Aussi, nous a-t-il paru important de mettre en lumière la façon dont elle est dépeinte par les romanciers.

Dans cette rubrique, les citations littéraires sont mises en parallèle avec les témoignages actuels des personnes prostituées, comme des « clients ».

Une mise en perspective riche d’enseignements !

Annonce

L’enfant assista (…) à  la divulgation (…) de tous les secrets dégoûtants de l’amour coupable et de la prostitution.

La fille Elisa , Edmond de Goncourt, Zulma poche, 2004, p 15

Son enfance avait grandi dans l’exhibition intime et les entrailles secrètes du métier (!). La révélation des mystères et des hontes du commerce de l’homme et de la femme de Paris vint la trouver dans sa couchette, presque dans son berceau. La croyance naïve de la petite fille au nouveau-né trouvé sous le buisson de roses de l’enseigne maternelle fut emportée par des paroles cochonnes, instruisant son ignorance avec d’érotiques détails, des matérialités de la procréation. Du milieu de la nuit de son cabinet, l’enfant alitée, l’enfant à  la pensée inoccupée, rêvassante, assista aux aventures du déshonneur, à  la divulgation quotidienne de toutes les impuretés salissantes, de tous les secrets dégoûtants de l’amour coupable et de la prostitution.

Ce roman décrit l’enfance misérable d’Elisa, l’héroïne qui s’enfuira en province, avant d’être prostituée en maison close, puis dans la rue. Elle s’amourache d’un soldat qu’elle assassine dans un moment d’égarement.
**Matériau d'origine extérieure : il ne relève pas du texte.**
Lemma plain_thread_match m P Q P' x y x' l : monitored m P x -> monitored m Q y ->
  plain x -> plain y -> obs_thread m x = obs_thread m y ->
  monitored m P' x' -> plain x' -> plain_move m l (obs_thread m x) (obs_thread m x') ->
  branching_match u v (bisim_rel m) P Q l P'.
Proof.
move=> Hx Hy Px Py Oxy Hx' Px'.
have HPQ : bisim_rel m P Q by left; exists x, y; split => //; apply: related_plain.
case=> [[-> Ox']|[[o -> Ho] Ox']|[o [Ho Hl Ox]]].
- by right; split => //; left; exists x', y; split => //; apply: related_plain; rewrite // Ox'.
- have [Q' [S' HQ']] := monitored_step_monitor Hy (monitor_absorbs Ho).
  left; exists Q, Q'; split => //; first exact: ts_refl.
  by left; exists x', y; split => //; apply: related_plain; rewrite // Ox'.
rewrite Oxy in Ox; have [Q1 [y1 [T1 Hy1 Py1 Oy1 F]]] := monitored_advance Hy Py Ox.
have [Q2 [y2 [S2 Hy2 Py2 Oy2]]] := F l Hl.
left; exists Q1, Q2; split => //.
  by left; exists x, y1; split => //; apply: related_plain; rewrite // Oy1 -Ox.
by left; exists x', y2; split => //; apply: related_plain; rewrite // Oy2.
Qed.

Lemma head_thread_match m P Q P' h x' y' l : h = [:: cZ] \/ h = [:: cGv] ->
  monitored m P (h ++ x') -> monitored m Q (h ++ y') -> plain x' -> plain y' ->
  obs_thread m x' = obs_thread m y' -> step P l P' ->
  branching_match u v (bisim_rel m) P Q l P'.
Proof.
move=> Hh Hx Hy Px Py Oxy Hs.
have Hxy : related_threads m (h ++ x') (h ++ y') by exists h, x', y'; split => //; right.
case: (monitored_step_inv Hx Hs) => [[d [HR Hd HP']]|[c [rest [R [Ex HR Ho]]]]].
  exact: monitor_move_match Hx Hy Hxy HR Hd HP'.
have HPQ : bisim_rel m P Q by left; exists (h ++ x'), (h ++ y').
have answer Q' x'' y'' : step Q l Q' -> monitored m P' x'' -> monitored m Q' y'' ->
    related_threads m x'' y'' -> branching_match u v (bisim_rel m) P Q l P'.
  move=> S' HP' HQ' Hr; left; exists Q, Q'; split => //; first exact: ts_refl.
  by left; exists x'', y''.
case: Hh Ex HR Ho Hx Hy Hxy HPQ => -> [<- <-] HR Ho Hx Hy Hxy HPQ.
  case: (Z_rule_inv HR) => Hl ER; rewrite ER in Ho.
  have [Q' [S' HQ']] : exists Q', step Q l Q' /\ monitored m Q' y'.
    by case: Hl => El; subst l;
      [apply: monitored_step_Eps Hy (r_Z1 u v) | apply: monitored_step_Eps Hy (r_Z2 u v)].
  by apply: answer _ _ _ S' (monitored_after_Eps Ho) HQ' (related_plain Px Py Oxy).
case: (Gv_rule_inv HR) => [[k [El ER]]|[El ER]|[El ER]]; subst l; rewrite ER in Ho.
- have [Q' [S' HQ']] := monitored_step_Seq Hy (r_Gv1 u v k).
  apply: answer _ _ _ S' (monitored_after_Seq Ho) HQ' _.
  exists [:: cGv], (cV k :: x'), (cV k :: y'); split => //; first by right; right.
  by rewrite !obs_thread_cons Oxy.
- have [Q' [S' HQ']] := monitored_step_Eps Hy (r_Gv2 u v).
  exact: answer _ _ _ S' (monitored_after_Eps Ho) HQ' (related_plain Px Py Oxy).
- have [Q' [S' HQ']] := monitored_step_Cst Hy (r_Gv3 u v).
  apply: answer _ _ _ S' (monitored_after_Cst Ho) HQ' _.
  by exists [:: cZ], x', y'; split => //; right; left.
Qed.

Lemma monitored_rel_match m P Q l P' : monitored_rel m P Q -> step P l P' ->
  branching_match u v (bisim_rel m) P Q l P'.
Proof.
move=> [x [y [Hx Hy Hxy]]] Hs; have Hxy' := Hxy.
case: Hxy' Hx Hy Hxy => h [x' [y' [[Eh|Hh] -> -> [Px Py] Oxy]]] Hx Hy Hxy; last first.
  exact: head_thread_match Hh Hx Hy Px Py Oxy Hs.
subst h; case: (monitored_plain_step Hx Px Hs) => [[d [HR Hd HP']]|[x'' [Hx'' Px'' Hmove]]].
  exact: monitor_move_match Hx Hy Hxy HR Hd HP'.
exact: plain_thread_match Hx Hy Px Py Oxy Hx'' Px'' Hmove.
Qed.

Lemma bisim_rel_branching m : branching_bisimulation u v (bisim_rel m).
Proof.
apply: branching_bisimulation_sym => [P Q|P Q l P']; first exact: bisim_rel_sym.
case=> [HPQ /(monitored_rel_match HPQ)|[[HP HQ] /(finished_match HP HQ)|H /(scong_match H)]].
- by [].
- by apply: branching_match_mono => P1 Q1 H1; right.
- by apply: branching_match_mono => P1 Q1 H1; right; right.
Qed.

Lemma wstep_visible Q o Q' : wstep u v Q (act_of_label o) Q' ->
  exists Qa Qb, [/\ tsteps Q Qa, step Qa (act_of_label o) Qb & tsteps Qb Q'].
Proof. by case: o. Qed.

Lemma monitored_Z_tsteps m P P' y : tsteps P P' -> monitored m P (cZ :: y) -> plain y ->
  monitored m P' (cZ :: y) \/
  exists y', [/\ monitored m P' y', plain y' & subseq (obs_thread m y') (obs_thread m y)].
Proof.
case=> [P0|P0 P1 Q0 H T] Hy Py; first by left.
by right; apply: monitored_plain_tsteps T (monitored_Z_step H Hy (or_introl erefl)) Py.
Qed.

Lemma monitored_Gv_tsteps m P P' y : tsteps P P' -> monitored m P (cGv :: y) -> plain y ->
  (exists ks, monitored m P' (cGv :: map cV ks ++ y)) \/
  exists y', monitored m P' y' /\ plain y'.
Proof.
move=> T; elim: T y => [P0|P0 P1 Q0 H T IH] y Hy Py; first by left; exists [::].
case: (monitored_Gv_step H Hy (or_introl erefl)) => [[_ [[k Hk]|Hk]]|[]] //.
  case: (IH _ Hk (conj I Py)) => [[ks Hks]|]; last by right.
  by left; exists (rcons ks k); rewrite map_rcons -cats1 -catA.
by have [y' [H1 H2 _]] := monitored_plain_tsteps T Hk Py; right; exists y'.
Qed.

Section WeakBisimulation.
Variables (m : bool) (R : proc -> proc -> Prop).
Hypothesis wR : weak_bisimulation u v R.

(* Induction on the observation word of [x]: each of its letters must be
   matched by the same visible action of the other side. *)
Lemma weak_bisim_plain_subseq P Q x y : R P Q -> monitored m P x -> monitored m Q y ->
  plain x -> plain y -> subseq (obs_thread m x) (obs_thread m y).
Proof.
move Es: (obs_thread m x) => s; elim: s P Q x y Es => [|o s IH] P Q x y Es HR Hx Hy Px Py.
  exact: sub0seq.
have Ho : visible m o by move: (visible_obs_thread m x); rewrite Es => /andP [].
have [P1 [x1 [T1 Hx1 Px1 _ F]]] := monitored_advance Hx Px Es.
have [P2 [x2 [S2 Hx2 Px2 Ox2]]] := F _ (or_introl erefl).
have [Q1 [TQ1 R1]] := weak_bisimulation_tsteps wR HR T1.
have [Q2 [/wstep_visible [Qa [Qb [Ta Sb Tb]]] R2]] := (wR R1).1 _ _ S2.
have [y1 [Hy1 Py1 Sy1]] := monitored_plain_tsteps TQ1 Hy Py.
have [y2 [Hy2 Py2 Sy2]] := monitored_plain_tsteps Ta Hy1 Py1.
have [y3 [Hy3 Py3 Oy3]] := monitored_plain_visible Sb Ho Hy2 Py2.
have [y4 [Hy4 Py4 Sy4]] := monitored_plain_tsteps Tb Hy3 Py3.
have Sub := IH _ _ _ _ Ox2 R2 Hx2 Hy4 Px2 Py4.
apply: subseq_trans (subseq_trans Sy2 Sy1); rewrite Oy3 /=.
by rewrite eqxx; apply: subseq_trans Sub Sy4.
Qed.

Lemma weak_bisim_Z_subseq P Q x y : R P Q ->
  monitored m P (cZ :: x) -> monitored m Q (cZ :: y) -> plain x -> plain y ->
  subseq (obs_thread m x) (obs_thread m y).
Proof.
move=> HR Hx Hy Px Py.
have [P1 [S1 HP1]] := monitored_step_Eps Hx (r_Z1 u v).
have [Q1 [W1 R1]] := (wR HR).1 _ _ S1.
case: (monitored_Z_tsteps W1 Hy Py) => [HQ1|[y' [HQ1 Py' Sy]]].
  have [Q2 [S2 _]] := monitored_step_Eps HQ1 (r_Z2 u v).
  have [P2 [[Pa [Pb [Ta Sa _]]] _]] := (wR R1).2 _ _ S2.
  have [x' [Hx' Px' _]] := monitored_plain_tsteps Ta HP1 Px.
  by case: (monitored_plain_lZ Hx' Px' Sa).
exact: subseq_trans (weak_bisim_plain_subseq R1 HP1 HQ1 Px Py') Sy.
Qed.

End WeakBisimulation.

(* Firing lambda_V forces the partner's G_v to fire too, possibly after it has
   unfolded some V_k in front of its thread. *)
Lemma weak_bisim_Gv_obs m R P Q x y : weak_bisimulation u v R -> R P Q ->
  monitored m P (cGv :: x) -> monitored m Q (cGv :: y) -> plain x -> plain y ->
  exists ks, obs_thread m x = obs_thread m (map cV ks) ++ obs_thread m y.
Proof.
move=> wR HR Hx Hy Px Py.
have [P1 [S1 HP1]] := monitored_step_Cst Hx (r_Gv3 u v).
have [Q1 [[Qa [Qb [Ta Sa Tb]]] R1]] := (wR _ _ HR).1 _ _ S1.
case: (monitored_Gv_tsteps Ta Hy Py) => [[ks Hks]|[y' [Hy' Py']]]; last first.
  by case: (monitored_plain_lV Hy' Py' Sa).
have Pks : plain (map cV ks ++ y) by apply/plain_cat; split => //; apply: plain_map_V.
case: (monitored_Gv_step Sa Hks (or_intror erefl)) => [[]|[_ Hb]] //.
case: (monitored_Z_tsteps Tb Hb Pks) => [HQ1|[y' [HQ1 Py' _]]].
  exists ks; rewrite -obs_thread_cat; apply/subseq_anti/andP; split.
    exact (weak_bisim_Z_subseq wR R1 HP1 HQ1 Px Pks).
  exact (weak_bisim_Z_subseq (weak_bisimulation_flip wR) R1 HQ1 HP1 Pks Px).
have [P2 [S2 _]] := monitored_step_Eps HP1 (r_Z2 u v).
have [Q2 [[Qc [Qd [Tc Sc _]]] _]] := (wR _ _ R1).1 _ _ S2.
have [y'' [Hy'' Py'' _]] := monitored_plain_tsteps Tc HQ1 Py'.
by case: (monitored_plain_lZ Hy'' Py'' Sc).
Qed.

Lemma weak_bisim_monitored_obs m R P Q h x y : weak_bisimulation u v R -> R P Q ->
  B_thread h -> monitored m P (h ++ x) -> monitored m Q (h ++ y) -> plain x -> plain y ->
  obs_thread m x = obs_thread m y.
Proof.
have flip := @weak_bisimulation_flip _ _ u v R.
move=> wR HR [|[|]] -> /= Hx Hy Px Py.
- apply/subseq_anti/andP; split; first exact (weak_bisim_plain_subseq wR HR Hx Hy Px Py).
  exact (weak_bisim_plain_subseq (flip wR) HR Hy Hx Py Px).
- apply/subseq_anti/andP; split; first exact (weak_bisim_Z_subseq wR HR Hx Hy Px Py).
  exact (weak_bisim_Z_subseq (flip wR) HR Hy Hx Py Px).
have [ks1 E1] := weak_bisim_Gv_obs wR HR Hx Hy Px Py.
have [ks2 E2] := weak_bisim_Gv_obs (flip wR) HR Hy Hx Py Px.
rewrite E2; suff -> : obs_thread m (map cV ks2) = [::] by [].
have := congr1 size E1; rewrite E2 !size_cat addnA => /eqP.
rewrite -{1}[size (obs_thread m x)]add0n eqn_add2r eq_sym addn_eq0.
by case/andP=> _ /eqP/size0nil.
Qed.

Definition B_of (h : thread) : proc := if h is [:: c] then Cst c else Eps.

Definition monitored_start m h (L : thread) : proc :=
  Par (Cst (monitor m)) (Seq (B_of h) (seqp L)).

Lemma monitored_start_monitored m h L : B_thread h -> monitored m (monitored_start m h L) (h ++ L).
Proof.
rewrite /monitored /has_nf /= nf_seqp.
by case=> [|[|]] -> /=; case: L => [|e L] /=; apply: Permutation_refl.
Qed.

Lemma monitored_start_branching m h L1 L2 : B_thread h -> plain L1 -> plain L2 ->
  obs_thread m L1 = obs_thread m L2 ->
  branching_bisimilar u v (monitored_start m h L1) (monitored_start m h L2).
Proof.
move=> Hh P1 P2 E; exists (bisim_rel m); split; first exact: bisim_rel_branching.
left; exists (h ++ L1), (h ++ L2); split; try exact: monitored_start_monitored.
by exists h, L1, L2.
Qed.

Lemma monitored_start_weak m h L1 L2 : B_thread h -> plain L1 -> plain L2 ->
  weakly_bisimilar u v (monitored_start m h L1) (monitored_start m h L2) ->
  obs_thread m L1 = obs_thread m L2.
Proof.
move=> Hh P1 P2 [R [wR HR]].
exact: weak_bisim_monitored_obs wR HR Hh (monitored_start_monitored _ _ Hh)
  (monitored_start_monitored _ _ Hh) P1 P2.
Qed.

Lemma monitored_start_bisimilar m h L1 L2 (eqv : proc -> proc -> Prop) :
  eqv = branching_bisimilar u v \/ eqv = weakly_bisimilar u v ->
  B_thread h -> plain L1 -> plain L2 ->
  eqv (monitored_start m h L1) (monitored_start m h L2) <->
  obs_thread m L1 = obs_thread m L2.
Proof.
move=> heqv Hh P1 P2; split.
  case: heqv => ->; last exact: monitored_start_weak.
  by move/branching_bisimilar_weakly; apply: monitored_start_weak.
move/(monitored_start_branching Hh P1 P2); case: heqv => -> //.
exact: branching_bisimilar_weakly.
Qed.
End Monitor.

Lemma obs_thread_map_cU (Sg : eqType) n (u v : 'I_n -> seq Sg) m ks :
  obs_thread u v m (map (@cU Sg n) ks) =
  if m then map inl (flatten (map u ks)) else map inr ks.
Proof.
elim: ks => [|k ks IH]; first by case: m.
by rewrite obs_thread_cons IH; case: (m); rewrite //= map_cat.
Qed.

Lemma obs_thread_map_cV (Sg : eqType) n (u v : 'I_n -> seq Sg) m ks :
  obs_thread u v m (map (@cV Sg n) ks) =
  if m then map inl (flatten (map v ks)) else map inr ks.
Proof.
elim: ks => [|k ks IH]; first by case: m.
by rewrite obs_thread_cons IH; case: (m); rewrite //= map_cat.
Qed.

Theorem lemma5 (Sg : finType) (n : nat) (u v : 'I_n -> seq Sg)
  (hSg : 2 <= #|Sg|)
  (hu : forall k, 0 < size (u k)) (hv : forall k, 0 < size (v k))
  (is_ js : seq 'I_n) (B : proc Sg n)
  (hB : B = Eps \/ B = Cst cZ \/ B = Cst cGv)
  (ps : seq ('I_n + 'I_n))
  (eqv : proc Sg n -> proc Sg n -> Prop)
  (heqv : eqv = branching_bisimilar u v \/ eqv = weakly_bisimilar u v) :
  let BPU := Seq B (seqp (map (@UV Sg n) ps ++ map (@cU Sg n) is_)) in
  let BPV := Seq B (seqp (map (@UV Sg n) ps ++ map (@cV Sg n) js)) in
  (eqv (Par (Cst cI) BPU) (Par (Cst cI) BPV) <->
     flatten (map u is_) = flatten (map v js)) /\
  (eqv (Par (Cst cS) BPU) (Par (Cst cS) BPV) <-> is_ = js).
Proof.
have [h [Hh ->]] : exists h, B_thread h /\ B = B_of h.
  by case: hB => [|[|]] ->; [exists [::] | exists [:: cZ] | exists [:: cGv]];
    split => //; [left | right; left | right; right].
have plain_ps L : plain u v L -> plain u v (map (@UV Sg n) ps ++ L).
  by move=> PL; apply/plain_cat; split => //; apply: plain_map_UV.
have obs_ps m L1 L2 : obs_thread u v m (map (@UV Sg n) ps ++ L1) =
    obs_thread u v m (map (@UV Sg n) ps ++ L2) <-> obs_thread u v m L1 = obs_thread u v m L2.
  by rewrite !obs_thread_cat; split => [/eqP|->//]; rewrite eqseq_cat // eqxx => /eqP.
have key m := iff_trans (monitored_start_bisimilar m heqv Hh
  (plain_ps _ (plain_map_U u v is_)) (plain_ps _ (plain_map_V u v js))) (obs_ps m _ _).
split; [apply: iff_trans (key true) _ | apply: iff_trans (key false) _];
  rewrite obs_thread_map_cU obs_thread_map_cV; split => [|-> //]; by apply: inj_map => ? ? [].
Qed.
Condamnée à  mort puis graciée, elle sombrera dans la folie.

Témoignage de Marc, Prostitution et Société n° 182, juillet-septembre 2013

« J’ai été un homosexuel rejeté par ma famille. Mon identité sexuelle, je l’ai cachée longtemps comme quelque chose de honteux, de sale. Je me suis détesté et j’ai compartimenté ma vie. J’appartiens à  la classe moyenne et j’ai grandi dans un climat incestuel ; à  4 ans, ma mère me parlait de mon identité sexuelle et m’humiliait en me disant de mettre des robes ; elle me serinait que je finirais mal. C’est ce que j’appelle une PPP, une pensée persistante paralysante.

Je sais maintenant ce qu’a pesé, inconsciemment, le rejet de mes parents et la confusion de ma mère entre homosexualité et prostitution. Pour elle, j’étais destiné à  devenir un marginal. »

Témoignage d’un client paru dans Prostitution et Société n°146

« On parlait trop de sexualité à  mon goùt avec le recul. J’avais su que mes parents avaient des relations extérieures, chacun de leur côté (!). A l’époque il existait ce qu’on appelait le réseau. C’était, je pense, des couples échangistes. Mon père, je ne crois pas qu’il en faisait partie. Il allait plutôt voir dans des instituts comme ça se faisait à  l’époque, des sortes de maisons closes. »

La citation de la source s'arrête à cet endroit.